Urbain tosió ligeramente:

—Conocemos la posición de Alpha. La tenemos bajo vigilancia constante.

Gaeta dijo:

— ¿Y?

Tomando una profunda bocanada de aire, como un hombre que fuera a saltar desde un precipicio, Urbain replicó:

—Necesito que seas tú quien lleve las nanomáquinas hasta Alpha.

Por un instante, ni Gaeta ni Cardenas pronunciaron palabra. Urbain pestañeó, y sintió la mano de su esposa tensándose entre la suya.

Gaeta rio:

— ¿Ahora quieres que baje a la superficie? Ni de coña.

— ¡No! —saltó Cardenas—. Manny no va a ninguna parte. Se ha retirado.

—Pero esto es importante.

—Un momento —dijo Gaeta, con una sonrisa ladeada extendiéndose por sus duras facciones—. Cuando vine aquí por primera vez, era para estar allá abajo, ser el primer hombre en poner un pie en la superficie de Titán. Y tú te negaste a ello. ¡Pensé que se te iba la olla!

—Pero aquello era una proeza, una aventura publicitaria. Lo que te estoy pidiendo ahora es en aras de la ciencia.

—Dijiste que no querías que pudiese contaminar las formas de vida que allí hubiera.
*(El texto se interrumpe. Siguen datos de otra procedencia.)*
Lemma measurable_percolates x : measurable (event X (fun g => percolates g x)).
Proof.
by rewrite percolates_event; apply: bigcapT_measurable => K; exact: measurable_reaches.
Qed.

Lemma reaches_prob_cvg x : (fun K => P (event X (fun g => reaches K g x))) @ \oo -->
  P (event X (fun g => percolates g x)).
Proof.
rewrite percolates_event; apply: nonincreasing_cvg_mu.
- exact: le_lt_trans (probability_le1 _ (measurable_reaches 0 x)) (ltey _).
- by move=> K; exact: measurable_reaches.
- by rewrite -percolates_event; exact: measurable_percolates.
- by move=> m n mn; apply/subsetPset => t; exact: reaches_anti.
Qed.

End PercolationProbability.

Lemma percolation_prob_unique (R : realType) d q x
    (dT : measure_display) (T : measurableType dT) (P : probability T R)
    (X : edge d -> T -> bool)
    (dT' : measure_display) (T' : measurableType dT') (P' : probability T' R)
    (X' : edge d -> T' -> bool) :
  iid_bernoulli P X q -> iid_bernoulli P' X' q ->
  P (event X (fun g => percolates g x)) = P' (event X' (fun g => percolates g x)).
Proof.
move=> iidX iidX'; have seqE : (fun K => P' (event X' (fun g => reaches K g x))) =
    (fun K => P (event X (fun g => reaches K g x))).
  apply: funext => K.
  by rewrite (prob_reaches iidX K x (fun=> true)) (prob_reaches iidX' K x (fun=> true)).
have := reaches_prob_cvg (x := x) iidX'; rewrite seqE.
exact: cvg_unique (reaches_prob_cvg (x := x) iidX).
Qed.

Lemma pc_bond_ge0 (R : realType) d : 0 <= @pc_bond R d.
Proof.
rewrite /pc_bond; set S := [set q : R | _].
have [[s Ss]|S0] := pselect (S !=set0).
  have ub : has_ubound S by exists 1 => q [/andP[_ ->]].
  by apply: le_trans (sup_upper_bound (conj (ex_intro _ s Ss) ub) Ss); case: Ss => /andP[].
by rewrite (_ : S = set0) ?sup0 //; apply/seteqP; split => // q Sq; apply: S0; exists q.
Qed.

Lemma not_bond_theta_zero (R : realType) d (p : R) : 0 <= p -> p < 1 - @pc_bond R d ->
  ~ @bond_theta_zero R d (1 - p).
Proof.
move=> p0 ppc theta0; have pc0 := pc_bond_ge0 R d.
set S := [set q : R | 0 <= q <= 1 /\ @bond_theta_zero R d q].
have ub : has_ubound S by exists 1 => q [/andP[_ ->]].
have Sp : S (1 - p) by split => //; apply/andP; split; lra.
by have := sup_upper_bound (conj (ex_intro _ _ Sp) ub) Sp; rewrite -/(@pc_bond R d); lra.
Qed.

Section EnclosureProbability.
Variables (R : realType) (d : nat) (dT : measure_display) (T : measurableType dT)
  (P : probability T R) (omega : face d -> T -> bool) (p : R).
Hypothesis iid_omega : iid_bernoulli P omega p.

Let X (e : edge d) (t : T) : bool := dual_config (omega^~ t) e.
Let iidX : iid_bernoulli P X (1 - p) := iid_dual_config iid_omega.

Definition encloses_event n : set T :=
  [set t | encloses (fun Q => omega Q t) (@dual_box R d n)].

Definition percolation_event : set T := event X (fun g => percolates g (origin d)).

Definition reach_event r : set T := event X (fun g => reaches r g (origin d)).

Definition cut_off (r K : nat) (g : edge d -> bool) :=
  forall x, (sup_norm x <= r.+1)%N -> ~ reaches K (remove_edges (box_edges d r) g) x.

Definition cut_off_event r K : set T := event X (cut_off r K).

Lemma cut_off_depends r K :
  depends_on [seq e <- box_edges d K | e \notin box_edges d r] (cut_off r K).
Proof.
have agree g c e : (sup_norm e.1 <= K)%N ->
    remove_edges (box_edges d r) g e =
    remove_edges (box_edges d r)
      (override [seq e <- box_edges d K | e \notin box_edges d r] g c) e.
  rewrite -mem_box_edges => eK; rewrite /remove_edges /override mem_filter eK andbT.
  by case: (e \in box_edges d r); rewrite ?andbF.
move=> g c; split => gcut x xr gx; apply: (gcut x xr).
  by apply: reaches_ext gx => e eK; exact: agree.
by apply: reaches_ext gx => e eK; rewrite (agree g c).
Qed.

Lemma measurable_cut_off_event r K : measurable (cut_off_event r K).
Proof.
have uK := filter_uniq (fun e => e \notin box_edges d r) (box_edges_uniq d K).
exact: (prob_event iidX (fun=> true) uK (cut_off_depends r K)).1.
Qed.

Lemma reach_cut_off_indep r K :
  P (reach_event r `&` cut_off_event r K) = (P (reach_event r) * P (cut_off_event r K))%E.
Proof.
apply: (prob_eventI iidX (box_edges_uniq d r) (filter_uniq _ (box_edges_uniq d K)) _
  (reaches_depends r _) (cut_off_depends r K)).
by apply/allP => e er /=; rewrite mem_filter er.
Qed.

Lemma cut_off_percolation_disjoint r K :
  cut_off_event r K `&` percolation_event = set0.
Proof.
apply/seteqP; split => // t [tcut /(percolates_remove_edges (box_edges d r)) [v vS vperc]].
apply: (tcut v); last exact: (percolatesP _ _).1 vperc K.
move: vS; rewrite inE mem_cat => /orP[/eqP->|/orP[]/mapP[e]];
  rewrite ?sup_norm_origin // mem_box_edges => er ->; first exact: leqW.
exact: leq_trans (sup_norm_shift _ _) _.
Qed.

Lemma cut_off_nondecreasing r : nondecreasing_seq (cut_off_event r).
Proof.
move=> m n mn; apply/subsetPset => t tcut x xr tx; apply: (tcut x xr).
exact: reaches_anti mn tx.
Qed.

Lemma measurable_encloses_event n : measurable (encloses_event n).
Proof.
(* Enclosure by a given finite family of faces is a deterministic property of
   the family, so the event is a countable union of cylinders. *)
pose enclosing (Qs : seq (face d)) := exists x : 'rV[R]_d,
  let A := ~` \bigcup_(Q in [set` Qs]) face_set Q in
  [/\ A x, bounded_Rd (connected_component A x) & dual_box n `<=` connected_component A x].
have -> : encloses_event n = \bigcup_(Qs : seq (face d))
    (if `[< enclosing Qs >] then \bigcap_(Q in [set` Qs]) [set t | omega Q t] else set0).
  apply/seteqP; split => t.
    by move=> [Qs [QsO Qsx]]; exists Qs => //; case: asboolP.
  by move=> [Qs _]; case: asboolP => // Qsx QsO; exists Qs.
apply: countable_bigcupT_measurable => [|Qs]; first exact: countableP.
case: asboolP => // _.
by apply: fin_bigcap_measurable => // Q _; exact: iid_omega.1.
Qed.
—Y la doctora Cardenas —contraatacó Urbain, volviéndose hacia la experta en nanotecnología—, me dijo que podía descontaminar el traje empleando nanomáquinas.

— ¡Me da igual lo que dije! —replicó Cardenas, iracunda—. Manny no va a Titán. ¡Punto!
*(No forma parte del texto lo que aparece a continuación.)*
Theorem mainTheorem3
  (p m : nat) (F : finFieldType) (alpha : F)
  (L : fieldType) (beta : L) (k : nat)
  (P : algC -> Prop) (phi : L -> algC) (zeta : algC) :
  prime p -> odd p -> (0 < m)%N -> #|F| = (p ^ m)%N ->
  (#|F|.-1).-primitive_root alpha ->
  2 \in [pchar L] ->
  beta ^+ (#|F|.-1) = 1 -> k.-primitive_root beta -> (1 < k)%N ->
  is_prime_ideal_in (Zzeta k) P -> P 2 ->
  is_iso_to_quot beta (Zzeta k) P phi ->
  zeta ^+ k = 1 -> P (phi beta - zeta) ->
  (hasse (slcePoly alpha L) 1).[beta] = 0 <->
  (if (#|F| %% 4 == 1)%N
   then in4P P (Ksum (chi alpha zeta) - Ksum (fun x => rho x * chi alpha zeta x))
   else in4P P (2 + Ksum (chi alpha zeta) + Ksum (fun x => rho x * chi alpha zeta x))).
Proof.
move=> _ p_odd _ cardF prim_alpha pchar2 betaT prim_beta k_gt1 [idealP _] P2 iso zetak phi_beta.
have T_even : ~~ odd #|F|.-1.
  have : odd #|F| by rewrite cardF oddX p_odd orbT.
  by case: #|F|.
have k_odd : odd k.
  by apply: contraLR pchar2; rewrite -dvdn2 => /(prim_root_pcharF prim_beta) ->.
have kT : (k %| #|F|.-1)%N by rewrite (prim_order_dvd prim_beta) betaT.
have zeta_half := expr_half_eq1 k_odd kT T_even zetak.
have beta_neq1 : beta != 1.
  apply: contraTneq k_gt1 => beta1.
  by have := prim_order_dvd prim_beta 1; rewrite beta1 expr1n eqxx dvdn1 => /eqP ->.
have [zeta_neq1 zeta_neqN1] := zeta_neq_pm1 idealP iso phi_beta beta_neq1 P2.
have beta_neq0 : beta != 0.
  by rewrite (prim_root_eq0 prim_beta) -lt0n (prim_order_gt0 prim_beta).
rewrite -fun_if; apply: iff_trans (ideal_in4P_iff idealP
  (four_sum_odd_slce prim_alpha T_even zeta_half zeta_neq1 zeta_neqN1)).
apply: iff_trans (sum_expr_eq0_iff idealP iso phi_beta _ (fun n => odd n && slce alpha n)).
rewrite -(mulX_horner_deriv_pchar2 beta _ (slce alpha) pchar2) /hasse nderivn1.
by split=> [-> | /eqP]; rewrite ?mulr0 // mulf_eq0 (negbTE beta_neq0) => /eqP.
Qed.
—Espera un momento, Kris —dijo Gaeta, aún sonriendo—. Esto es enorme. Haré que Fritz y su mejor equipo vengan para conseguir esta hazaña.

— ¡No es una hazaña! —insistió Urbain.

— ¡Y no vas a ir! —repitió Cardenas, igual de terca.

Jeanmarie intervino:

— ¿No se da cuenta, doctora Cardenas? El señor Gaeta es la última esperanza de mi marido. Su carrera, todas la investigaciones que ha llevado a cabo de la superficie de Titán, dependen de él.

—La carrera de su marido —replicó Cardenas—. La vida de Manny.

—Pero…

—Podría matarse allá abajo.

—Espera, Kris —repuso Gaeta—. Si consigo que Fritz y su gente dirijan la misión, podría ser el primer ser humano en estar en Titán. Eso no tiene precio.

— ¿Acaso vale más que tu vida?

—No será tan peligroso —insistió Gaeta—. Voy, pongo tu paquetito de nanos en el vehículo y me vuelvo para arriba. Pan comido.

—Manny, no. No quiero pasar otra vez por esto.

—Será la última vez, Kris.

—Eso es lo que dijiste cuando fuiste a los anillos a petición de Wunderly.

—Y estoy vivito y coleando, ¿verdad?

Urbain podía ver el fuego en los ojos de Cardenas. Y el deseo en los de Gaeta.

—Mira —le dijo Gaeta a Cardenas—. Deja que llame a Fritz, y vea lo que él piensa de esto. No va a permitir que me juegue el cuello por una bobada.

—Vaya cosa.

—Y si Fritz piensa que esta hazaña merece la pena, vendrá escopetado en una nave estelar y se hará cargo de toda la operación. Como en los viejos tiempos.

Cardenas inició una réplica, pero ninguna palabra salió de su boca, solo un sonido medio ahogado que igual podía ser un suspiro como un gruñido, o incluso un contenido sollozo de desesperación. Se precipitó hacia el sendero que conducía al pueblo. Gaeta corrió tras ella para darle alcance.

—Lo hará —murmuró Urbain, apenas sin aliento, con voz agitada.

—Sí —contestó Jeanmarie—. Solo espero que eso no destruya su relación con la doctora Cardenas.

Urbain estuvo a punto de decir: « ¿y qué?» Pero un vistazo al rostro consternado de su mujer le bastó para morderse la lengua.